Collected data:
Definition good_X (R : realType) (m k l : nat) (X : 'M[R]_(k, l)) : Prop :=
  (forall i j, X i j = 1 \/ X i j = -1) /\
  (exists a : R, X *m X^T *m X = a *: X) /\
  (exists c : R, forall i i' : 'I_k, i != i' -> absmx (X *m X^T) i i' = c) /\
  (exists c : R, forall j j' : 'I_l, j != j' -> absmx (X^T *m X) j j' = c) /\
  \rank X = m.

Definition is_integer (R : realType) (x : R) : Prop := exists z : int, x = z%:~R.

From HB Require Import structures.
From mathcomp Require Import all_boot all_order all_algebra.
From mathcomp Require Import reals.
From mathcomp Require Import zify ring.
Set Implicit Arguments.
Unset Strict Implicit.
Unset Printing Implicit Defensive.
Import Order.TTheory GRing.Theory Num.Theory.
Local Open Scope ring_scope.

(* If V and W are mutually unbiased ETFs with |<v_i, w_j>| = c, then
   X = sqrt m V^T W satisfies X X^T = l V^T V and X^T X = k W^T W; comparing
   diagonals gives m c^2 = 1, so X is a +-1 matrix, and tightness gives
   X X^T X = (kl/m) X and rank X = m.  Conversely, for such an X the matrix
   a^-1 X X^T is the orthogonal projection onto the row space of X^T;
   factoring it as U^T U with U an orthonormal basis of that space
   (Gram-Schmidt), V = sqrt(k/m) U and W = (sqrt m / k) V X are ETFs and
   V^T W is a multiple of X.  The three quantities are absolute values of
   entries of the integer matrices X X^T X, X^T X and X X^T, the last two
   through the coherence sqrt((n-m)/(m(n-1))) of an ETF of n vectors in R^m. *)

Lemma tight_mulmx_trmx (R : comPzRingType) p m n
    (A : 'M[R]_(p, m)) (V : 'M[R]_(m, n)) c :
  V *m V^T = c%:M -> (A *m V) *m (A *m V)^T = c *: (A *m A^T).
Proof.
move=> VV; rewrite trmx_mul mulmxA -[A *m V *m V^T]mulmxA VV.
by rewrite mul_mx_scalar -scalemxAl.
Qed.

> [EXERCISE INSTRUCTIONS]: A line belongs in the answer if it contains the word "ETFs"; copy every such line from the data above.

> [EXERCISE OUTPUT]:
(* If V and W are mutually unbiased ETFs with |<v_i, w_j>| = c, then
   (Gram-Schmidt), V = sqrt(k/m) U and W = (sqrt m / k) V X are ETFs and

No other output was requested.